_What needs to be done_: Your output is one number, the count of lines in the listing below that hold the word "Unset".

_Dataset records_:
· · · ·
(* Let $X\subseteq\{0,1\}^n$ be a nonempty set and let $U=\{c_1,\dots,c_m\}\subseteq\mathbb{R}^{n+1}$ be a finite set of scenarios, $c_j=(\tilde c_j,\bar c_j)$ with $\tilde c_j\in\mathbb{R}$, $\bar c_j\in\mathbb{R}^n$, and $f(x)=\max_{j=1,\dots,m}\,\bar c_j^\top x+\tilde c_j$. Assume that all scenarios are perturbed by a continuously distributed random vector in $\mathbb{R}^{m(n+1)}$ with full-dimensional support (i.e. all $m(n+1)$ entries $\tilde c_j,\bar c_j$ are replaced by their perturbed values). Then, with probability one, in each iteration $k$ of Algorithm SD (described in the context) the set $\partial f(x^k)\cap(-\mathcal{N}_{\operatorname{conv}(V^k)}(x^k))$ is a singleton.
   Context: For a convex function $f$, $\partial f(x)$ denotes its subdifferential at $x$. For a convex set $C$ and $x\in C$, $\mathcal{N}_C(x)=\{d\in\mathbb{R}^n: d^\top(y-x)\le 0\ \forall y\in C\}$ is the normal cone of $C$ at $x$. Algorithm SD: pick any $\hat x^0\in X$ and set $V^1=\{\hat x^0\}$. For $k=1,2,\dots$: compute $\alpha^k\in\mathbb{R}^{V^k}_+$ with $\sum_{v\in V^k}\alpha^k_v=1$, the point $x^k=\sum_{v\in V^k}\alpha^k_v v$ minimizing $f$ over $\operatorname{conv}(V^k)$, and a vector $c^k\in\partial f(x^k)\cap(-\mathcal{N}_{\operatorname{conv}(V^k)}(x^k))$ (in this finite case, $(x^k,\alpha^k)$ together with $z^k=f(x^k)$ is obtained as a basic optimal solution of the linear program $\min\{z:\ \bar c_j^\top x+\tilde c_j\le z\ (j=1,\dots,m),\ x=\sum_{v\in V^k}\alpha_v v,\ \alpha\ge 0,\ \sum_{v\in V^k}\alpha_v=1\}$); then compute a minimizer $\hat x^k$ of $\min_{x\in X}(c^k)^\top x$. If $(c^k)^\top\hat x^k\ge (c^k)^\top x^k$, stop and output $x^k$; otherwise set $V^{k+1}:=V^k\cup\{\hat x^k\}$ and continue. *)

From HB Require Import structures.
From mathcomp Require Import all_boot all_order all_algebra.
From mathcomp Require Import all_classical all_reals all_analysis.
Unset Printing Implicit Defensive.
Import Order.TTheory GRing.Theory Num.Theory.
Local Open Scope classical_set_scope.
Local Open Scope ring_scope.
(* Let $w,z\in\mathbb A$ with $w\ne0$ and $w,z$ relatively prime in $\mathbb A$, put $\theta=z/w$ and $W=\mathcal N(w)$, and suppose $c\ge1$ is such that $c^{-1}\sqrt W\le|\sigma_i(w)|\le c\sqrt W$ for $i=1,2$. Then there is a constant $c'>0$ depending only on $q$, $d$ and $c$ such that for every $k\in\mathbb A$ with $0<\mathcal N(k)<W$, $$\max\{\|\Re(k\theta)\|,\ \|\Im(k\theta)\|\}\ge c'\,W^{-1/2}.$$
   Context: $q$ is an odd prime power, $d\in\mathbb{F}_q[T]$ monic, square-free, of even degree, $\sqrt d\in k_\infty=\mathbb{F}_q((1/T))$ a fixed square root, $|\cdot|$ the absolute value on $k_\infty$ with $|\sum_{i\le n}a_iT^i|=q^n$ ($a_n\ne0$). $K=\mathbb{F}_q(T)(\sqrt d)$, $\mathbb A=\mathbb{F}_q[T][\sqrt d]$, $\sigma_1(a+b\sqrt d)=a+b\sqrt d$, $\sigma_2(a+b\sqrt d)=a-b\sqrt d$ for $a,b\in k$, $\mathcal N(w)=|\sigma_1(w)\sigma_2(w)|$. For $f=a+b\sqrt d\in K$ with $a,b\in k$: $\Re(f)=a$, $\Im(f)=b$. For $x\in k_\infty$, $\|x\|=\inf_{r\in\mathbb{F}_q[T]}|x-r|$ (the absolute value of the fractional part of $x$). *)

From HB Require Import structures.
From mathcomp Require Import all_boot all_order all_algebra.
From mathcomp Require Import fraction boolp classical_sets reals.
Set Implicit Arguments. Unset Strict Implicit. Unset Printing Implicit Defensive.
Import Order.TTheory GRing.Theory Num.Theory.
Local Open Scope ring_scope.
Local Open Scope classical_set_scope.
(* Let $V$ be the vector module of $gl(m|n)$, $V(\Lambda)$ a finite-dimensional irreducible $gl(m|n)$-module with maximal $\mathbb{Z}$-graded component $V_0(\Lambda)$, and let $\langle\,,\,\rangle$ be the induced non-degenerate invariant sesquilinear form on $V\otimes V(\Lambda)$. If $0\neq v_+\in V\otimes V(\Lambda)$ is a maximal weight vector, then $\langle v_+,V\otimes V_0(\Lambda)\rangle\neq(0)$.
   Context: $L=gl(m|n)$ over $\mathbb{C}$, basis $E_{pq}$ ($1\le p,q\le m+n$), parity $(p)+(q)$ with $(p)=0$ for $p\le m$, $1$ otherwise, graded bracket $[E_{pq},E_{rs}]=\delta_{qr}E_{ps}-(-1)^{((p)+(q))((r)+(s))}\delta_{ps}E_{rq}$; $\mathbb{Z}$-grading $L=L_-\oplus L_0\oplus L_+$ with $L_0=gl(m)\oplus gl(n)$, $L_+=\mathrm{span}\{E_{pq}:p\le m<q\}$, $L_-=\mathrm{span}\{E_{qp}:p\le m<q\}$. The vector module $V$ has basis $|s\rangle$, $E_{pq}|s\rangle=\delta_{qs}|p\rangle$. $V_0(\Lambda)$ is the irreducible $L_0$-submodule of $V(\Lambda)$ generated by the highest weight vector. $V(\Lambda)$ (and likewise $V$) carries a unique non-degenerate sesquilinear form with $\langle av,w\rangle=\langle v,a^\dagger w\rangle$ for $a\in L$, where $(E_{pq})^\dagger=E_{qp}$; the form on $V$ is an inner product. The induced form on $V\otimes V(\Lambda)$ is $\langle v\otimes w,v'\otimes w'\rangle=\langle v,v'\rangle\langle w,w'\rangle$, which is non-degenerate and invariant in the same sense. A maximal weight vector is a weight vector annihilated by all $E_{pq}$ with $p<q$. *)

From HB Require Import structures.
From mathcomp Require Import all_boot all_order all_algebra.
Import Order.TTheory GRing.Theory Num.Theory.
Local Open Scope ring_scope.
· · · ·
_Solution for this exercise_: 2